Benedito Badaró, que era filho de coronel, não
seguiu o exemplo dos demais irmãos, pois todos estes se encaminharam na vida
pública após se formarem como doutores: José de Nápoles, que era seu irmão mais
velho, era bacharel em direito, tendo-se formado na famosa escola do Largo de
São Francisco, onde depois se tornou brilhante professor e jamais voltou a
Minas Novas. Era, este Badaró, um crítico mordaz do coronelismo e detestava os
irmãos. Consta que, já estando há muito tempo morando em Campinas,
interior do Estado de São Paulo, ao ser comunicado da homenagem prestada a seu
pai, com a denominação de Francisco Badaró para o então distrito de Sucuriu,
ele teria afirmado, com ironia, que estavam tirando o nome de uma cobra
inofensiva e colocando no lugar o nome de uma cobra peçonhenta e perigosa.
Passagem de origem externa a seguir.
(* Let $T\in\mathbb{R}^{n\times n}$ be substochastic and such that $A=I-T$ is a lower Hessenberg invertible M-matrix. Let $P_{GS}=\operatorname{tril}(A)^{-1}(\operatorname{tril}(A)-A)$ and $P_{AGS}=\operatorname{triu}(A)^{-1}(\operatorname{triu}(A)-A)$. Then $\rho(P_{GS})\geq\rho(P_{AGS})$.
   Context: $T$ is substochastic if $T\geq 0$ entrywise and $T\mathbf{1}\leq\mathbf{1}$, with $\mathbf{1}$ the all-ones vector. $A$ is lower Hessenberg if $A_{ij}=0$ whenever $j>i+1$. $\operatorname{tril}(A)$ (resp. $\operatorname{triu}(A)$) is the lower (resp. upper) triangular part of $A$ including the diagonal. $\rho(\cdot)$ denotes the spectral radius. *)

From HB Require Import structures.
From mathcomp Require Import all_boot all_order all_algebra.
From mathcomp Require Import complex.
Set Implicit Arguments. Unset Strict Implicit. Unset Printing Implicit Defensive.
Import Order.TTheory GRing.Theory Num.Theory.
Local Open Scope ring_scope.

Section Defs.
Variable R : rcfType.

Definition eigenvalues (n : nat) (A : 'M[R]_n) : seq R[i] :=
  sval (closed_field_poly_normal (char_poly (map_mx (fun x : R => x%:C%C) A))).

(* Spectral radius: max modulus of the (complex) eigenvalues (0 if n = 0). *)
Definition spectral_radius (n : nat) (A : 'M[R]_n) : R :=
  \big[Num.max/0]_(z <- eigenvalues A) ComplexField.Normc.normc z.

Definition nonneg_mx (m n : nat) (A : 'M[R]_(m, n)) : Prop :=
  forall i j, 0 <= A i j.

Definition substochastic (n : nat) (T : 'M[R]_n) : Prop :=
  nonneg_mx T /\ forall i, \sum_j T i j <= 1.

Definition lower_hessenberg (n : nat) (A : 'M[R]_n) : Prop :=
  forall i j : 'I_n, (i.+1 < j)%N -> A i j = 0.

Definition invertible_M_matrix (n : nat) (A : 'M[R]_n) : Prop :=
  exists (s : R) (B : 'M[R]_n),
    nonneg_mx B /\ A = s%:M - B /\ spectral_radius B < s.

Definition tril (n : nat) (A : 'M[R]_n) : 'M[R]_n :=
  \matrix_(i, j) (if (j <= i)%N then A i j else 0).

Definition triu (n : nat) (A : 'M[R]_n) : 'M[R]_n :=
  \matrix_(i, j) (if (i <= j)%N then A i j else 0).

End Defs.

From HB Require Import structures.
From mathcomp Require Import all_boot all_order all_algebra.
From mathcomp Require Import complex polyrcf.
From mathcomp Require Import lra ring.
Set Implicit Arguments. Unset Strict Implicit. Unset Printing Implicit Defensive.
Import Order.TTheory GRing.Theory Num.Theory.
Local Open Scope ring_scope.

(* Split A = D - L - U with D diagonal and L, U >= 0 strictly lower and
   upper, so that P_GS = (D - L)^-1 U and P_AGS = (D - U)^-1 L.  If z is an
   eigenvalue of P_AGS with eigenvector y, then x = |y| satisfies
   |z| D x <= L x + |z| U x.  As A is a nonsingular M-matrix this forces |z| < 1,
   and since U lives on the superdiagonal, w_i = |z|^i x_i then satisfies
   P_GS w >= |z| w, whence |z| <= rho(P_GS).
   Perron-Frobenius is replaced by the monotonicity of t I - P for P >= 0 and t
   above every real eigenvalue of P ((t I - P) y >= 0 implies y >= 0), proved by
   induction on the size through the Schur complement of the leading entry. *)

Lemma horner_char_poly (R : comNzRingType) n (P : 'M[R]_n) s :
  (char_poly P).[s] = \det (s%:M - P).
Proof.
have -> : s%:M - P = map_mx (horner_eval s) (char_poly_mx P).
  apply/matrixP => i j; rewrite !mxE /horner_eval.
  by case: (i == j); rewrite /= !hornerE.
by rewrite det_map_mx.
Qed.

Lemma det_block_schur (R : comUnitRingType) n (a : 'M[R]_1) (u : 'M_(1, n))
    (v : 'M_(n, 1)) (N : 'M_n) :
  N \in unitmx ->
  \det (block_mx a u v N : 'M_(1 + n)) = \det N * (a - u *m invmx N *m v) 0 0.
Proof.
move=> N_unit.
pose K : 'M_(1 + n) := block_mx 1%:M 0 (- (invmx N *m v)) 1%:M.
have detK : \det K = 1 by rewrite det_lblock !det1 mulr1.
rewrite -[LHS]mulr1 -detK -det_mulmx mulmx_block !mulmx1 !mulmx0 !add0r.
by rewrite !mulmxN mulKVmx // subrr det_ublock det_mx11 mulrC mulmxA.
Qed.

Lemma scalar_sub_block (R : pzRingType) n (P : 'M[R]_(1 + n)) s :
  s%:M - P =
  block_mx (s%:M - ulsubmx P) (- ursubmx P) (- dlsubmx P) (s%:M - drsubmx P).
Proof.
rewrite -{1}(submxK P) (scalar_mx_block 1 n) opp_block_mx add_block_mx.
by rewrite !add0r.
Qed.

Section Monotone.
Variable R : rcfType.

Lemma nonneg_mxM m n p (A : 'M[R]_(m, n)) (B : 'M[R]_(n, p)) :
  nonneg_mx A -> nonneg_mx B -> nonneg_mx (A *m B).
Proof. by move=> A0 B0 i j; rewrite mxE sumr_ge0 // => k _; rewrite mulr_ge0. Qed.

Lemma nonneg_mxD m n (A B : 'M[R]_(m, n)) :
  nonneg_mx A -> nonneg_mx B -> nonneg_mx (A + B).
Proof. by move=> A0 B0 i j; rewrite mxE addr_ge0. Qed.

Lemma nonneg_mx_anti m n (A : 'M[R]_(m, n)) :
  nonneg_mx A -> nonneg_mx (- A) -> A = 0.
Proof.
move=> A_ge0 NA_ge0; apply/matrixP => i j; apply/le_anti.
by have := NA_ge0 i j; rewrite !mxE oppr_ge0 A_ge0 andbT.
Qed.

Lemma horner_le0_right (p : {poly R}) s0 :
  (forall s, s0 < s -> p.[s] <= 0) -> p.[s0] <= 0.
Proof.
move=> p_le0; rewrite leNgt; apply/negP => p_gt0.
have [d d_gt0 near_s0] := poly_cont s0 p p_gt0.
have s0_lt : s0 < s0 + d / 2%:R by lra.
have := near_s0 (s0 + d / 2%:R); have := p_le0 _ s0_lt.
rewrite addrAC subrr add0r ger0_norm; last lra.
by move=> ? /(_ ltac:(lra)); rewrite ltr_norml; lra.
Qed.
Sobre a curiosidade de seu nome, José de Nápoles, dizia ser uma homenagem, de
sua mãe, Dona Sinhazinha Nogueira, à cidade em cujo porto ele nascera de um
parto apressado pelas atribulações de uma crise nervosa, de que ela foi
acometida, naquele estágio de último mês de sua difícil gravidez, quando, ao
chegar à Itália, teve ela um grande trauma ao tomar conhecimento sobre a
existência de Adelli Piambetta, esposa europeia de seu marido, que naquela
quadra respondia como Ministro Plenipotenciário junto ao Estado do Vaticano.
Logo que nasceu, imediatamente, sem mesmo apear do navio, toda a família se viu
obrigada a voltar ao Brasil, por força do rumoroso processo de bigamia que seu
pai estava respondendo, naquela capital italiana, o que resultou na expulsão do
diplomata, então considerado como "persona nom grata" decretada pelo
papa Leão X. E esse fato, em muito contribuía para o indisfarçável
constrangimento do Dr. José que preferiu partir para um lugar tão longínquo de
Minas Novas, onde era desconhecido esse fato histórico, evitando-se assim ser
indagado dessa vexatória situação familiar,.
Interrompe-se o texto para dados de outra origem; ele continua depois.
(* The layer of the support is the complement of the union of the opens killed by p, so an
   open U with p U = true but missing that layer would be covered by killed opens. *)
Lemma support_is_support p :
  (forall i, frame_hom (opens tau (bi i)) (p i)) -> is_support p (support p).
Proof.
  intros Hfh i U HU. destruct (Hfh i) as [_ [Hmeet Hjoin]]. split.
  - intro HpU. apply NNPP; intro Hn.
    set (S := fun W => exists U', opens tau (bi i) U' /\ p i U' = false /\ W = setI X U U').
    assert (HS : forall W, S W -> opens tau (bi i) W)
      by (intros W [U' [HU' [_ ->]]]; apply opens_setI; assumption).
    assert (EU : U = bigcup X S).
    { apply functional_extensionality; intro z; apply propositional_extensionality. split.
      - intro Hz. assert (Hgz : ~ proj i (support p z) = true) by (intro Hgz; apply Hn; eauto).
        rewrite support_proj in Hgz. apply not_all_ex_not in Hgz as [U' Hgz].
        apply imply_to_and in Hgz as [HU' Hgz]; apply imply_to_and in Hgz as [HzU' HpU'].
        exists (setI X U U'). split; [| split; assumption].
        exists U'; split; [exact HU' | split; [apply not_true_is_false; exact HpU' | reflexivity]].
      - intros [W [[U' [_ [_ ->]]] [Hz _]]]; exact Hz. }
    rewrite EU in HpU; apply (Hjoin S HS) in HpU as [W [[U' [HU' [HpU' ->]]] HW]].
    rewrite Hmeet, HpU', andb_false_r in HW by assumption; discriminate.
  - intros [y [Hy HUy]]. rewrite support_proj in Hy; exact (Hy U HU HUy).
Qed.

Lemma irreducible_of_support p g : (forall i, frame_hom (opens tau (bi i)) (p i)) ->
  Bclosed tau g -> is_support p g -> irreducible tau g.
Proof.
  intros Hfh Hg Hsupp. split; [exact Hg | split].
  - intro b. apply B_ext; intro i. apply eq_true_iff_eq; rewrite subX_proj; unfold constB.
    destruct (proj1 (Hsupp i _ (opens_setT i)) (proj1 (Hfh i))) as [y [Hy _]].
    split; [intro H; exact (H y Hy) | intros H _ _; exact H].
  - intros m1 m2 Hm1 Hm2. apply B_ext; intro i. apply eq_true_iff_eq.
    rewrite proj_join, orb_true_iff, !subX_proj. split.
    + intro Hsub. apply NNPP; intro Hn; apply not_or_and in Hn as [N1 N2].
      assert (P1 : p i (fun z => proj i (m1 z) = false) = true)
        by (apply not_false_is_true; intro E; apply N1, (is_support_compl p g m1 i Hsupp Hm1), E).
      assert (P2 : p i (fun z => proj i (m2 z) = false) = true)
        by (apply not_false_is_true; intro E; apply N2, (is_support_compl p g m2 i Hsupp Hm2), E).
      destruct (Hfh i) as [_ [Hmeet _]].
      assert (P12 : p i (setI X (fun z => proj i (m1 z) = false)
                                (fun z => proj i (m2 z) = false)) = true)
        by (rewrite Hmeet, P1, P2 by (apply opens_compl_closed; assumption); reflexivity).
      apply Hsupp in P12 as [y [Hy [E1 E2]]]; [| apply opens_setI; apply opens_compl_closed; assumption].
      specialize (Hsub y Hy); unfold joinF in Hsub.
      rewrite proj_join, E1, E2 in Hsub; discriminate.
    + intros [H | H] y Hy; unfold joinF; rewrite proj_join, (H y Hy); [reflexivity | apply orb_true_r].
Qed.

Definition dpoint_disjoint (p : bool -> (X -> Prop) -> bool) : Prop :=
  forall U V, opens tau Btt U -> opens tau Bff V ->
    (forall x, ~ (U x /\ V x)) -> p true U = false \/ p false V = false.

Definition dpoint_cover (p : bool -> (X -> Prop) -> bool) : Prop :=
  forall U V, opens tau Btt U -> opens tau Bff V ->
    (forall x, U x \/ V x) -> p true U = true \/ p false V = true.

Definition nowhere_zero_condition (g : X -> B) : Prop :=
  forall mu, Bclosed tau mu -> (forall z, mu z <> B0) ->
    leF (cmeet Btt g) mu \/ leF (cmeet Bff g) mu.

Definition nowhere_one_condition (g : X -> B) : Prop :=
  forall mu, Bclosed tau mu -> (forall z, mu z <> B1) -> ~ leF g mu.

Lemma dpoint_disjoint_iff p g : is_support p g -> dpoint_disjoint p <-> nowhere_zero_condition g.
Proof.
  intro Hsupp. split.
  - intros Hd mu Hmu Hne.
    assert (Hdisj : forall z, ~ (proj true (mu z) = false /\ proj false (mu z) = false)).
    { intros z [E1 E2]; apply (Hne z); destruct (mu z); simpl in *; subst; reflexivity. }
    destruct (Hd _ _ (opens_compl_closed true mu Hmu) (opens_compl_closed false mu Hmu) Hdisj)
      as [H | H]; [left | right];
      exact (proj2 (leF_cmeet_bi _ g mu) (proj1 (is_support_compl p g mu _ Hsupp Hmu) H)).
  - intros Ha U V HU HV Hdisj.
    destruct (closed_of_opens U V HU HV) as [mu [Hmu [-> ->]]].
    assert (Hne : forall z, mu z <> B0) by (intros z E; apply (Hdisj z); rewrite E; split; reflexivity).
    destruct (Ha mu Hmu Hne) as [H | H]; [left | right];
      apply (is_support_compl p g mu _ Hsupp Hmu);
      [exact (proj1 (leF_cmeet_bi true g mu) H) | exact (proj1 (leF_cmeet_bi false g mu) H)].
Qed.

Lemma dpoint_cover_iff p g : is_support p g -> dpoint_cover p <-> nowhere_one_condition g.
Proof.
  intro Hsupp. split.
  - intros Hc mu Hmu Hne Hle.
    assert (Hcov : forall z, proj true (mu z) = false \/ proj false (mu z) = false).
    { intro z; destruct (mu z) as [[|] [|]] eqn:E; simpl; auto; exfalso; exact (Hne z E). }
    assert (Hlayer : forall i y, proj i (g y) = true -> proj i (mu y) = true)
      by (intros i y; revert i; apply Ble_iff, Hle).
    destruct (Hc _ _ (opens_compl_closed true mu Hmu) (opens_compl_closed false mu Hmu) Hcov)
      as [H | H]; rewrite (proj2 (is_support_compl p g mu _ Hsupp Hmu) (Hlayer _)) in H;
      discriminate.
  - intros Hb U V HU HV Hcov.
    destruct (closed_of_opens U V HU HV) as [mu [Hmu [-> ->]]].
    assert (Hne : forall z, mu z <> B1)
      by (intros z E; destruct (Hcov z) as [Hz | Hz]; cbv beta in Hz; rewrite E in Hz; discriminate).
    apply NNPP; intro Hn; apply not_or_and in Hn as [N1 N2].
    apply (Hb mu Hmu Hne). intro y; apply Ble_iff; intro i; revert y.
    apply (is_support_compl p g mu i Hsupp Hmu).
    destruct i; apply not_true_is_false; assumption.
Qed.

End BTopology.

Theorem mainTheorem10 (X : Type) (tau : (X -> B) -> Prop) (Htau : Btopology tau) :
  dsober tau <->
  (forall g : X -> B,
     irreducible tau g ->
     (forall mu, Bclosed tau mu -> (forall z, mu z <> B0) ->
        leF (cmeet Btt g) mu \/ leF (cmeet Bff g) mu) ->
     (forall mu, Bclosed tau mu -> (forall z, mu z <> B1) -> ~ leF g mu) ->
     exists! x : X, g = Bclosure tau (oneB x)).
Proof.
  split.
  - intros Hsober g Hirr Ha Hb.
    pose proof (meets_is_support tau g) as Hsupp.
    assert (Hdp : dpoint tau (meets g true) (meets g false)).
    { split; [| split; [| split]]; try (apply meets_frame_hom; exact Hirr).
      - exact (proj2 (dpoint_disjoint_iff tau Htau _ _ Hsupp) Ha).
      - exact (proj2 (dpoint_cover_iff tau Htau _ _ Hsupp) Hb). }
    destruct (Hsober _ _ Hdp) as [x [Hx Huniq]]. exists x. split.
    + exact (proj1 (is_point_of_iff_closure tau Htau _ _ x (proj1 Hirr) Hsupp) Hx).
    + intros y Hy. apply Huniq, (is_point_of_iff_closure tau Htau _ _ y (proj1 Hirr) Hsupp), Hy.
  - intros H ptt pff [Htt [Hff [Hdisj Hcov]]].
    set (p := fun i : bool => if i then ptt else pff).
    assert (Hfh : forall i, frame_hom (opens tau (bi i)) (p i)) by (intros [|]; assumption).
    pose proof (support_is_support tau Htau p Hfh) as Hsupp.
    pose proof (support_closed tau Htau p) as Hg.
    destruct (H (support tau p)) as [x [Hx Huniq]].
    + exact (irreducible_of_support tau Htau p _ Hfh Hg Hsupp).
    + exact (proj1 (dpoint_disjoint_iff tau Htau p _ Hsupp) Hdisj).
    + exact (proj1 (dpoint_cover_iff tau Htau p _ Hsupp) Hcov).
    + exists x. split.
      * exact (proj2 (is_point_of_iff_closure tau Htau p _ x Hg Hsupp) Hx).
      * intros y Hy. apply Huniq, (is_point_of_iff_closure tau Htau p _ y Hg Hsupp), Hy.
Qed.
Além do napolitano, havia outro irmão, o Dr.
Francisco Badaró Junior, que se formou em medicina, mas que tomou gosto mesmo
foi pela carreira de político e, além deles, havia duas irmãs que foram
dedicadas professoras, uma delas que foi a boníssima dona Corina, donzela
convicta e mestra famosa no Povoado de Santa Cruz da Chapada, onde é tida como
verdadeira santa; a outra, Dona Laura Badaró, muito bonita, mas que segundo o
Mané Rabicó não era lá tão santa como a Mestra, sua irmã.
O guarda Bené, que era uma pessoa simples, e muito
querida na cidade, não ligava muito pelo fato de ser um filho de família
ilustre, tendo, de forma inusitada, contrariado muito aos seus, não lhes
permitindo cumprir o desejo de vê-lo padre, como desejavam, e por decidir-se,
abandonando o seminário, casar-se com Dona Lourdes, uma das filhas do maior
adversário do pai, o coronel Demóstenes César, este que era também um homem
ilustre e não menos respeitado político, que até chegou a ocupar o cargo de
deputado provincial e de representante constituinte.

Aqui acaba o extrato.